══ INFORMATION ══
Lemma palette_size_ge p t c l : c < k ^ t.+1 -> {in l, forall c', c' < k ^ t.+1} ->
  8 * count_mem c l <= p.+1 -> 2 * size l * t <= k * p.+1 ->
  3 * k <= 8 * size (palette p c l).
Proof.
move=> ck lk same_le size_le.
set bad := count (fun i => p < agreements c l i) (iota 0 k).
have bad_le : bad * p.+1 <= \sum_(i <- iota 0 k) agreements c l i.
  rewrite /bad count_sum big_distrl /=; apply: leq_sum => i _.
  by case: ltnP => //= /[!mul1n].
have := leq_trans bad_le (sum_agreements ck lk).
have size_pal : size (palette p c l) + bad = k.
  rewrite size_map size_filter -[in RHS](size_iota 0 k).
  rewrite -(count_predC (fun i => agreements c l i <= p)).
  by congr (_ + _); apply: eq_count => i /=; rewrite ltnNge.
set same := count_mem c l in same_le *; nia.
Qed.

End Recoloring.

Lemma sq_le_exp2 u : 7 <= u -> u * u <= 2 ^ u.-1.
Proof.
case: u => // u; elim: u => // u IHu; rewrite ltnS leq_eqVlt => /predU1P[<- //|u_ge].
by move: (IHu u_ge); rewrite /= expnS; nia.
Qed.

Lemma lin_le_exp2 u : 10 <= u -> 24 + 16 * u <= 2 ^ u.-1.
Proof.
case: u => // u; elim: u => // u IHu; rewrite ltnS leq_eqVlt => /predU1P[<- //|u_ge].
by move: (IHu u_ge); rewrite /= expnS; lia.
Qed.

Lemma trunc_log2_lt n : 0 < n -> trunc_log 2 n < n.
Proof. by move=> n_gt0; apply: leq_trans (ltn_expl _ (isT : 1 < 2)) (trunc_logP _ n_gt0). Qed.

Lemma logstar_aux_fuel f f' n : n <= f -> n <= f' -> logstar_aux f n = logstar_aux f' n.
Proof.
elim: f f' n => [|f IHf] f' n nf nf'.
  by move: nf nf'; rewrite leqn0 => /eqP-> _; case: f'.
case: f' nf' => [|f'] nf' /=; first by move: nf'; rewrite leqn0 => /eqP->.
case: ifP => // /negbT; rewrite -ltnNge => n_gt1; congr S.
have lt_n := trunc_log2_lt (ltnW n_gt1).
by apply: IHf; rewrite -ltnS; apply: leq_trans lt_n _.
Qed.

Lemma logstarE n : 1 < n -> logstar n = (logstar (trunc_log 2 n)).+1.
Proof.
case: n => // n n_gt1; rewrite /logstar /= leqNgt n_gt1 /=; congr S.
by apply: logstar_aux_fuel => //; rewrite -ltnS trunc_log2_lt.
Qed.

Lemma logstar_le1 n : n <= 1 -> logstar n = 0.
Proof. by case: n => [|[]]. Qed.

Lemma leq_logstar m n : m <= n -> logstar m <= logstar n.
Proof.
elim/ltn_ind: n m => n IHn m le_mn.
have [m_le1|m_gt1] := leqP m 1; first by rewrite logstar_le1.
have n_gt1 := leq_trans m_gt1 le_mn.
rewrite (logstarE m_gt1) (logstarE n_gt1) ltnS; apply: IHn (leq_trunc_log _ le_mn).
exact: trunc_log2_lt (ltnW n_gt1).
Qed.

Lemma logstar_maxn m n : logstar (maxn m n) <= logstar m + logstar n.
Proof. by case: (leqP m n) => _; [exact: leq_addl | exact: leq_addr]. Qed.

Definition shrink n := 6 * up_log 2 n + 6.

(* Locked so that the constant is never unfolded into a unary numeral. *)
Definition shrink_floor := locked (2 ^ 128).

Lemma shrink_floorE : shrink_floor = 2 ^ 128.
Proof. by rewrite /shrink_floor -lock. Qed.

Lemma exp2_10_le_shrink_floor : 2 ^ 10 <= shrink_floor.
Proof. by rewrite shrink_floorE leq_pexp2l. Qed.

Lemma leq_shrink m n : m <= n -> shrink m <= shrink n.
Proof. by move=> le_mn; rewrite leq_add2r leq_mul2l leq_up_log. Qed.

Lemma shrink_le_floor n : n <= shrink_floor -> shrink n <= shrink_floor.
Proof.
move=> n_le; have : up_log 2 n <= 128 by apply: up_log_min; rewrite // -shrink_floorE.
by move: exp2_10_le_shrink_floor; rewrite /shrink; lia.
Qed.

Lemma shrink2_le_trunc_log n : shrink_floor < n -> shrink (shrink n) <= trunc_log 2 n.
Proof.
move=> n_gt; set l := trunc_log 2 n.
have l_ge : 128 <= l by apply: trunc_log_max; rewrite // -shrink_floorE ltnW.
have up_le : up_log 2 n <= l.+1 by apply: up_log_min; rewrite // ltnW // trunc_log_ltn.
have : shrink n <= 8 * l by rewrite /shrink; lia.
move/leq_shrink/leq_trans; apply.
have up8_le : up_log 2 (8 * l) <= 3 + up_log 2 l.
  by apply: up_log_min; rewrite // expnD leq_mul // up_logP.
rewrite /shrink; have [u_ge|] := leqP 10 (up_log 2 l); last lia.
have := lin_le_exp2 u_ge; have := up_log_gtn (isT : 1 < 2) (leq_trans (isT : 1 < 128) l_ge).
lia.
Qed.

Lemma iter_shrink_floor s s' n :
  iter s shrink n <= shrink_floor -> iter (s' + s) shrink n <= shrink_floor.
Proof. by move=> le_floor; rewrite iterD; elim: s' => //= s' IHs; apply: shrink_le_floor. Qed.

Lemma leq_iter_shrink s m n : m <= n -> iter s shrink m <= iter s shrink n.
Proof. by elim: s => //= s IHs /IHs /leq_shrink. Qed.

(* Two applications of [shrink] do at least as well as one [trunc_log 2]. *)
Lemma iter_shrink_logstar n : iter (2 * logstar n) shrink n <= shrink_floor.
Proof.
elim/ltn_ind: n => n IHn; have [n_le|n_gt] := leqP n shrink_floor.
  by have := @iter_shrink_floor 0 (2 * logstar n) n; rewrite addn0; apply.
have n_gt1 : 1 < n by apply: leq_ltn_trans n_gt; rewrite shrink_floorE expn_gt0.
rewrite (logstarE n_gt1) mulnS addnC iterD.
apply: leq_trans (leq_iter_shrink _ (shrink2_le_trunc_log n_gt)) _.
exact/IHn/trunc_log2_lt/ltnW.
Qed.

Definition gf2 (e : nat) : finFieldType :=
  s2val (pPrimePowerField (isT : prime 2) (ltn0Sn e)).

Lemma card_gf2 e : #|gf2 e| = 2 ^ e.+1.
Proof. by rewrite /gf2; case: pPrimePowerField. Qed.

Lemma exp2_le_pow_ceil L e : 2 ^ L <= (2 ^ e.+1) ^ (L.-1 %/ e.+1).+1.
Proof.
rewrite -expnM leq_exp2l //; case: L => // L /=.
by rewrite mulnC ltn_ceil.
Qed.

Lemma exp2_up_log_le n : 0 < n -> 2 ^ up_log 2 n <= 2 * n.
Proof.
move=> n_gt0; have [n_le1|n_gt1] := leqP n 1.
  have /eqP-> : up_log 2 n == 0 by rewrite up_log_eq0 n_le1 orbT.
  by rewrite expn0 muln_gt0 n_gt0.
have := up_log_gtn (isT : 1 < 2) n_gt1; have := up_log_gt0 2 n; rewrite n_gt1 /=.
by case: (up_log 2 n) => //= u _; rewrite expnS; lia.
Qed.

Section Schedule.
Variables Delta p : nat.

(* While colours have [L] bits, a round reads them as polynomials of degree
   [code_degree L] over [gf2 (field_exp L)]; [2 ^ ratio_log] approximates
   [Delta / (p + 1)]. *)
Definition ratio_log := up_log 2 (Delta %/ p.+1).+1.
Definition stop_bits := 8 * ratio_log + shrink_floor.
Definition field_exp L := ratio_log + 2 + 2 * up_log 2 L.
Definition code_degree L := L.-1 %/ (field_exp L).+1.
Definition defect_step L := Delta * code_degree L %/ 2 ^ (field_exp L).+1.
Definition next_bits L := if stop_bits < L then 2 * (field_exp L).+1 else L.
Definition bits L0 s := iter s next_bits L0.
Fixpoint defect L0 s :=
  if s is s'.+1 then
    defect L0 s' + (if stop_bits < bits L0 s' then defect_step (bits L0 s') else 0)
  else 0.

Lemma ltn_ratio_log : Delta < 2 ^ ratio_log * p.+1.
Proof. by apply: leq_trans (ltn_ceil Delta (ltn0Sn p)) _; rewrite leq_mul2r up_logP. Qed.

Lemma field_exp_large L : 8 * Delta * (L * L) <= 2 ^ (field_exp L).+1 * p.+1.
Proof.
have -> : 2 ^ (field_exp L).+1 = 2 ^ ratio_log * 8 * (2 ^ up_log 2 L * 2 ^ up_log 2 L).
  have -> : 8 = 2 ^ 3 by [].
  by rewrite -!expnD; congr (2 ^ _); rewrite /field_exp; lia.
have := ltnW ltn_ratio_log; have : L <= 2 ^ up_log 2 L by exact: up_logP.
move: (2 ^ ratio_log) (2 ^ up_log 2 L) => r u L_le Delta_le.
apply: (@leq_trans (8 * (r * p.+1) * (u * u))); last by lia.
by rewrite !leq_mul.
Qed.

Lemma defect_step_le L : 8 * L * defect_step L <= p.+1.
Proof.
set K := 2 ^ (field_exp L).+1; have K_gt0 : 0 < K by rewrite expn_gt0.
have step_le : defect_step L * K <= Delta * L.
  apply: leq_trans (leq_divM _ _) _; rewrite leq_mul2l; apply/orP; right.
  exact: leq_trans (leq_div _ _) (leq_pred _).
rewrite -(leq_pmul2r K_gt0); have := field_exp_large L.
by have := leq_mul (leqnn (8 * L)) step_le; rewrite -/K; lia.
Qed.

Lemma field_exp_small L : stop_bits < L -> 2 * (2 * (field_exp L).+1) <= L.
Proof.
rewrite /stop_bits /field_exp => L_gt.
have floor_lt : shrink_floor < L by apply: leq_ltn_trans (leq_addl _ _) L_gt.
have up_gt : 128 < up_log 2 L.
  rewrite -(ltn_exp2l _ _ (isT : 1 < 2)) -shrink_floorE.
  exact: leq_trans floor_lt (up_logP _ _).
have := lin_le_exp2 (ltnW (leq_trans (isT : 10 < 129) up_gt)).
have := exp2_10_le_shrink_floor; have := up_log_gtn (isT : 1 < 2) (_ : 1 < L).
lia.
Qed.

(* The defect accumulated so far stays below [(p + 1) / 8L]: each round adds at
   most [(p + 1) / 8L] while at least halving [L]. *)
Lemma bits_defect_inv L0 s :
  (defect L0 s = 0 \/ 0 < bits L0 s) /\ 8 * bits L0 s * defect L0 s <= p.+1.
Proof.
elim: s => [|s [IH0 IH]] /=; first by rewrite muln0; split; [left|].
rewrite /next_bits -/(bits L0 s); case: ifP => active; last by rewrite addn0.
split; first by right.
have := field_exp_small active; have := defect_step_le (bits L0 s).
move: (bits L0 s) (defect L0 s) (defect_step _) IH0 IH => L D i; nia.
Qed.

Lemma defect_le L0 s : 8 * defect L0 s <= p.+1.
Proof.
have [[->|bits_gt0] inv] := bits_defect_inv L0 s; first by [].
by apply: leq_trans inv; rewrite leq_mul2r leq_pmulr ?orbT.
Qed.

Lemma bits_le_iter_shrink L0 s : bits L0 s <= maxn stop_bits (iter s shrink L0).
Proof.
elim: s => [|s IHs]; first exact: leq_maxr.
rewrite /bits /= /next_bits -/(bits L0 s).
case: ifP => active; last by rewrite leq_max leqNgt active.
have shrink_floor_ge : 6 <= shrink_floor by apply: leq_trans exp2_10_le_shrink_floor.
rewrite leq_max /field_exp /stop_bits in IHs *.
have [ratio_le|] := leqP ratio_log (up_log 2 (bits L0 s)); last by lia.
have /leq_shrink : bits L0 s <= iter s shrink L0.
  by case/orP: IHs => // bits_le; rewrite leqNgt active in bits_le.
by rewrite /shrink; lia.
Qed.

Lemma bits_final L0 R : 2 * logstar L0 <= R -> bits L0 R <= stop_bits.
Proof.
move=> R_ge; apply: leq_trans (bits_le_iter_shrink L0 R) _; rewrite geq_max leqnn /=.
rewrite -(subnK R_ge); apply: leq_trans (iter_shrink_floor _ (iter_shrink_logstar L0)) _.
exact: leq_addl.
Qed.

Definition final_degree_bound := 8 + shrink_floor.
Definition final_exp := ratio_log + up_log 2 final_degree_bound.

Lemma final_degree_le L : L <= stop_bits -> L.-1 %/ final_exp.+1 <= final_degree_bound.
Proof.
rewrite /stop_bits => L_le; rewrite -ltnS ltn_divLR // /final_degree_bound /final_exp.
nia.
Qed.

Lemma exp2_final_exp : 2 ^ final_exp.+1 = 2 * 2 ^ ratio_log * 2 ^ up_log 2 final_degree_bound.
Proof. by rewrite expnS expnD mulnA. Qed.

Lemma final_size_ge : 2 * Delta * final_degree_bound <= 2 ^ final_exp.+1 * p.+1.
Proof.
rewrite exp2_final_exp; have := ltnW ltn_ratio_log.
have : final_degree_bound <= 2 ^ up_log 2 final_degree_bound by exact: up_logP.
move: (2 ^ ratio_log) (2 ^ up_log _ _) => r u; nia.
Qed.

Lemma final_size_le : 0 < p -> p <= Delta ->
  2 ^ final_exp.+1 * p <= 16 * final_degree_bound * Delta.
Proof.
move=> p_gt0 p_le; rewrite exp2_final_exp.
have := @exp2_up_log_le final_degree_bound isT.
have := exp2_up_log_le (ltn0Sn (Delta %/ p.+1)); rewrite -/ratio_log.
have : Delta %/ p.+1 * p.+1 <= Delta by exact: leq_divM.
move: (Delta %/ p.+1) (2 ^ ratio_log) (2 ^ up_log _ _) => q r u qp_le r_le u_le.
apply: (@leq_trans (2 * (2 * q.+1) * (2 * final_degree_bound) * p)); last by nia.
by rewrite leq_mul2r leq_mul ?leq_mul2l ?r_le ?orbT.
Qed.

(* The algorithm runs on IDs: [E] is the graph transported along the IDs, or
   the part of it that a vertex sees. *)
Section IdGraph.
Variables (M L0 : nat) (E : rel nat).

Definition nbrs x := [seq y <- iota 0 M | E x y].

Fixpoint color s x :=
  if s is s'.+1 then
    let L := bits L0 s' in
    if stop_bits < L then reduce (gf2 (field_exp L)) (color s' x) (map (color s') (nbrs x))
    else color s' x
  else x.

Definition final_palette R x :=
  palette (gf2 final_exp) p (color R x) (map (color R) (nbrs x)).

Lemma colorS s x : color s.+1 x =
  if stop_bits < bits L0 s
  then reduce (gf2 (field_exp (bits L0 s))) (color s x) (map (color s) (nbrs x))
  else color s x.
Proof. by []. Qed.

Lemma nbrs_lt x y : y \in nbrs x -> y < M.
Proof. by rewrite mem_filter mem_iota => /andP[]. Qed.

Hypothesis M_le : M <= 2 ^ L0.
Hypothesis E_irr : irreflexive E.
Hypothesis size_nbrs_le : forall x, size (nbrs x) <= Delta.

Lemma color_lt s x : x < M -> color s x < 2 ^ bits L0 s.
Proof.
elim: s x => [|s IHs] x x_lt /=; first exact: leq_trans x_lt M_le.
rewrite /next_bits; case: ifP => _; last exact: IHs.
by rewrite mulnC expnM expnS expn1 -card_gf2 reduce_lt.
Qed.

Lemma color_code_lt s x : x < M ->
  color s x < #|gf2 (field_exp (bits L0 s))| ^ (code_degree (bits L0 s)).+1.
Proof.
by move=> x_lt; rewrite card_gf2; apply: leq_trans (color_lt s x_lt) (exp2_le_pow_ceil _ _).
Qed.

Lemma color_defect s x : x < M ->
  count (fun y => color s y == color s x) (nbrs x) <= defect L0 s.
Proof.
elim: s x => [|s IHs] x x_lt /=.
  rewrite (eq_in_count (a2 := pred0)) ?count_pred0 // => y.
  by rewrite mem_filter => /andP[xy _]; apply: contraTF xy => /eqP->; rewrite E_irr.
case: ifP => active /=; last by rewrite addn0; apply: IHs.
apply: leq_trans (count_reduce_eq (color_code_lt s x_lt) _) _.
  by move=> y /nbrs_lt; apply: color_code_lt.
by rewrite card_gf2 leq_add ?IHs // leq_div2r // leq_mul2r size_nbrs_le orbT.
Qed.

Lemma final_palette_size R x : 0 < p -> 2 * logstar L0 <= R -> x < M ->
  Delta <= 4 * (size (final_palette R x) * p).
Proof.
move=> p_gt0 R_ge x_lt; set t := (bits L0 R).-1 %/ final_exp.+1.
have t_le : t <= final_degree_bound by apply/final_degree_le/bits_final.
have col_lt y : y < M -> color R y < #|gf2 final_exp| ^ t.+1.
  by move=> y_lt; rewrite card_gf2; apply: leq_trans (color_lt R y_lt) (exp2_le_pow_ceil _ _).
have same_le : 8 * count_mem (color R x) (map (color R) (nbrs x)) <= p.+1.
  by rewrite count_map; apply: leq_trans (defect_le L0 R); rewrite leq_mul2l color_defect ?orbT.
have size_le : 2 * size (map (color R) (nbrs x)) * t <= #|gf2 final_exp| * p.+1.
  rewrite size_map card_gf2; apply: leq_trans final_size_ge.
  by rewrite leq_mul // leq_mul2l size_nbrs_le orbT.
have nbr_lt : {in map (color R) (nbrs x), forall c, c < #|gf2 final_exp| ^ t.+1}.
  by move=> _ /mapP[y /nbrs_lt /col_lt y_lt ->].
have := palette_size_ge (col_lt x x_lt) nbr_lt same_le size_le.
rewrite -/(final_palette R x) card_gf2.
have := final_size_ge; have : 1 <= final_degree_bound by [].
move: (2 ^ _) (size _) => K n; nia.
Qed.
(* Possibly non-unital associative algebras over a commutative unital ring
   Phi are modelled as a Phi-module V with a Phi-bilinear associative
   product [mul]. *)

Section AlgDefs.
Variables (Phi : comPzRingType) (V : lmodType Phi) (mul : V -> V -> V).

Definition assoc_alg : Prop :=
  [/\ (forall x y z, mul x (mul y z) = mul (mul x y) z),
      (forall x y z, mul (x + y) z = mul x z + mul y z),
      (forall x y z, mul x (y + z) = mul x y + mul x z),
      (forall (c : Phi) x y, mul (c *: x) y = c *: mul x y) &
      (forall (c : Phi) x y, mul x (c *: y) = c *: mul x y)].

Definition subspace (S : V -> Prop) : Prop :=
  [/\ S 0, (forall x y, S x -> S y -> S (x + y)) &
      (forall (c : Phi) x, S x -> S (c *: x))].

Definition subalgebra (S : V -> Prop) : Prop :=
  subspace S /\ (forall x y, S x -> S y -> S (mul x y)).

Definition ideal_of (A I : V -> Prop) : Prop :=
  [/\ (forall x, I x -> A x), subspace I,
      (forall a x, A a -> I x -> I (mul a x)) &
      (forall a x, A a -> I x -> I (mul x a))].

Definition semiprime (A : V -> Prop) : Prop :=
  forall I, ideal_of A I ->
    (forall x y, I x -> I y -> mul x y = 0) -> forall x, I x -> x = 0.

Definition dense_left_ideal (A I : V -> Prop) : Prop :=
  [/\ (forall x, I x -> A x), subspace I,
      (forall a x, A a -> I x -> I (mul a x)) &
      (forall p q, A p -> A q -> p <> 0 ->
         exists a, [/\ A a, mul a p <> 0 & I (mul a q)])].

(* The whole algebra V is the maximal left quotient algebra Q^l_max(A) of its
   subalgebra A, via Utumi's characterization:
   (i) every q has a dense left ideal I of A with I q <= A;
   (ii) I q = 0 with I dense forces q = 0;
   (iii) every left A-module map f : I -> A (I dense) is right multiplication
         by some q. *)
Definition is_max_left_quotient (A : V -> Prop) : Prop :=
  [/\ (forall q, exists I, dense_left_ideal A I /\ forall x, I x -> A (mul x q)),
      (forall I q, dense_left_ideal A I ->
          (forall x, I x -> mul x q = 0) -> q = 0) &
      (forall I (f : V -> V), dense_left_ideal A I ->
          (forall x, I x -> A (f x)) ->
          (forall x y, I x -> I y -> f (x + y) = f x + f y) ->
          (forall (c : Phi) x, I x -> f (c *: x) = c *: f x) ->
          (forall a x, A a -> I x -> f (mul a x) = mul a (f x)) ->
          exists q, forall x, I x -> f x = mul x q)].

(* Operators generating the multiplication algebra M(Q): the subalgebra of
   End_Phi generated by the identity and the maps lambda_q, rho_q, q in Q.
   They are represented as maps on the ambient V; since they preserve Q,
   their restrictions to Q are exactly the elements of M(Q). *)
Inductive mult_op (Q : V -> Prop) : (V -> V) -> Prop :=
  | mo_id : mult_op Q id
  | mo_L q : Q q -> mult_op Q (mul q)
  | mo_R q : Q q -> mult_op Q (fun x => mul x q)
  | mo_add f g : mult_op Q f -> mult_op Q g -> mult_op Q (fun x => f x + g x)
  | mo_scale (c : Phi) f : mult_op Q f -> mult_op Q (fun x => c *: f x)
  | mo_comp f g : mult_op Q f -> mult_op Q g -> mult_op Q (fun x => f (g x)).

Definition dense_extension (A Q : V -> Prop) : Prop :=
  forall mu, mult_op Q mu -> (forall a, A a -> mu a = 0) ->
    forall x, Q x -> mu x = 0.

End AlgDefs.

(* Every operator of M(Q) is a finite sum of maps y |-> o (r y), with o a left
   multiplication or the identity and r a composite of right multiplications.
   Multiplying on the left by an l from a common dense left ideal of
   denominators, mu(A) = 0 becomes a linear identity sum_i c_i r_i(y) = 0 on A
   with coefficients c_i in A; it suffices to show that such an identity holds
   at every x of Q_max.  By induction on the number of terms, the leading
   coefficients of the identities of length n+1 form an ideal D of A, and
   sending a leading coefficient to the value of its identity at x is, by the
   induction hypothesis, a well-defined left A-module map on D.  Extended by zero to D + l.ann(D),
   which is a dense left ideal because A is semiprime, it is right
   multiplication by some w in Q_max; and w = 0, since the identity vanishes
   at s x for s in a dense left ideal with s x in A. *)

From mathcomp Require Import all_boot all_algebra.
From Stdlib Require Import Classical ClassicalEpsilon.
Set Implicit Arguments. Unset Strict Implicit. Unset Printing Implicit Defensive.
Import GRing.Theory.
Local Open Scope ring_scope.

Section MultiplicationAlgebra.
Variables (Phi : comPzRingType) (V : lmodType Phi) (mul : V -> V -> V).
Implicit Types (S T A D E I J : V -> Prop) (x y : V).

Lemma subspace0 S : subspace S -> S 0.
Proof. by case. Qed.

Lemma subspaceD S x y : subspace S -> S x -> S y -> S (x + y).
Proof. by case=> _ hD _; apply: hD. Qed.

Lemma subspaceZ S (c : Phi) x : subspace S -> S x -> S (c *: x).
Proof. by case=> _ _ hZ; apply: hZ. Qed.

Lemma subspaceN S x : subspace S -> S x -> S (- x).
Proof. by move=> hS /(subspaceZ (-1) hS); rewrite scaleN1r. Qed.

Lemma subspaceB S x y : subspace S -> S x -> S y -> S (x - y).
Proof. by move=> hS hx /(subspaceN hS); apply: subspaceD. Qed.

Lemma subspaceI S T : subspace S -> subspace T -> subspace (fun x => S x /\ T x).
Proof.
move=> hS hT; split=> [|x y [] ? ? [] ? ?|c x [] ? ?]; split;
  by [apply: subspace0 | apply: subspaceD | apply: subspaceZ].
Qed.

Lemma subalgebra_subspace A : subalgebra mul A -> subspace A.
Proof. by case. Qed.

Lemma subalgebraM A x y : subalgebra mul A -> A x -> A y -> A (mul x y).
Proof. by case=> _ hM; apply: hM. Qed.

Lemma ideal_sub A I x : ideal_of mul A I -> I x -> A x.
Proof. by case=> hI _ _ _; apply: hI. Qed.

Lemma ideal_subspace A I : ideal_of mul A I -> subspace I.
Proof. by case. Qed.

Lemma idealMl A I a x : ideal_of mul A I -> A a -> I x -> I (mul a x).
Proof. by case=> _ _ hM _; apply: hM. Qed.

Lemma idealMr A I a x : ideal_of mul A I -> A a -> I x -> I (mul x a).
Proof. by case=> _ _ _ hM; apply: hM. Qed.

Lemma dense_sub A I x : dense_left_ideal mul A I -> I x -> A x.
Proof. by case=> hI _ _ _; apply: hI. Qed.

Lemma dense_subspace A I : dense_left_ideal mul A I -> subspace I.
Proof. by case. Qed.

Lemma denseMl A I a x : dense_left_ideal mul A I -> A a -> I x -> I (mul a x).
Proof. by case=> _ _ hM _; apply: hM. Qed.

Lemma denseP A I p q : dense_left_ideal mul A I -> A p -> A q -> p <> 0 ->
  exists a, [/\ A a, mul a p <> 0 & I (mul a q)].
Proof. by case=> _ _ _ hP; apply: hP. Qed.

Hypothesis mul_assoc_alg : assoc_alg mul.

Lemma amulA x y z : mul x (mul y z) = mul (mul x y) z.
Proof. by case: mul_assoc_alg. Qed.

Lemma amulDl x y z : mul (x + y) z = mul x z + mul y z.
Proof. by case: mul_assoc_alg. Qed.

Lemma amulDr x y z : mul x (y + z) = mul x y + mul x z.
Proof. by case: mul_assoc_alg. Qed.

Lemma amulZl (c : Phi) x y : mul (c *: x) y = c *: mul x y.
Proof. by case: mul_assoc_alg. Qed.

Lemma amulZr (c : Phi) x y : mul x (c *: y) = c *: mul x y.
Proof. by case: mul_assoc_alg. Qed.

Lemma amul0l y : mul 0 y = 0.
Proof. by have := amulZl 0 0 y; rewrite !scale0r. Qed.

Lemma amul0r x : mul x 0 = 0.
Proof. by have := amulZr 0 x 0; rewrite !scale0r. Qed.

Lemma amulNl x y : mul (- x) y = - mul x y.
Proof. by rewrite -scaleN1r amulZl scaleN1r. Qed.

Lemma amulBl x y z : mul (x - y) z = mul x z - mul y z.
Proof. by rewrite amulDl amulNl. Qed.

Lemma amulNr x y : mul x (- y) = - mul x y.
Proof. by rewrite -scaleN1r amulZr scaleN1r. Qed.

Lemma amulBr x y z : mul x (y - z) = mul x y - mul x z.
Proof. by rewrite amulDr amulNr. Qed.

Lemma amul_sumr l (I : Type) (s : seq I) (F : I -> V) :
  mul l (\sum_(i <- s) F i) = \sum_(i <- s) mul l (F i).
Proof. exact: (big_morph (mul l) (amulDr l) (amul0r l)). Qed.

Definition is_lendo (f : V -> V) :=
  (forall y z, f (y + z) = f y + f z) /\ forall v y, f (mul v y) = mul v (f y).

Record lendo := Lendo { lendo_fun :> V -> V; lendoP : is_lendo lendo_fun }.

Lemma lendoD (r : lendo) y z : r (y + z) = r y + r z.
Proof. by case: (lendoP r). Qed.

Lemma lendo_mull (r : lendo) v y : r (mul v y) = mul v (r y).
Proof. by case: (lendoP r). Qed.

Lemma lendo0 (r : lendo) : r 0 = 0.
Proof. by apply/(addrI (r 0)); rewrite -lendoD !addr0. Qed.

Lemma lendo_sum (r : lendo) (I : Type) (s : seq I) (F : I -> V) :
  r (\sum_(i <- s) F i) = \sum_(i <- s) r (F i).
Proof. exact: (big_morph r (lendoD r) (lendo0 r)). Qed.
═══
• **EXERCISE REQUIREMENTS**: The expected output is exactly the lines of the listing above between the line holding "by move=> x_lt;" and the line holding "rewrite (eq_in_count (a2", inclusive.

• **WRITTEN RESPONSE**:
by move=> x_lt; rewrite card_gf2; apply: leq_trans (color_lt s x_lt) (exp2_le_pow_ceil _ _).
Qed.

Lemma color_defect s x : x < M ->
  count (fun y => color s y == color s x) (nbrs x) <= defect L0 s.
Proof.
elim: s x => [|s IHs] x x_lt /=.
  rewrite (eq_in_count (a2 := pred0)) ?count_pred0 // => y.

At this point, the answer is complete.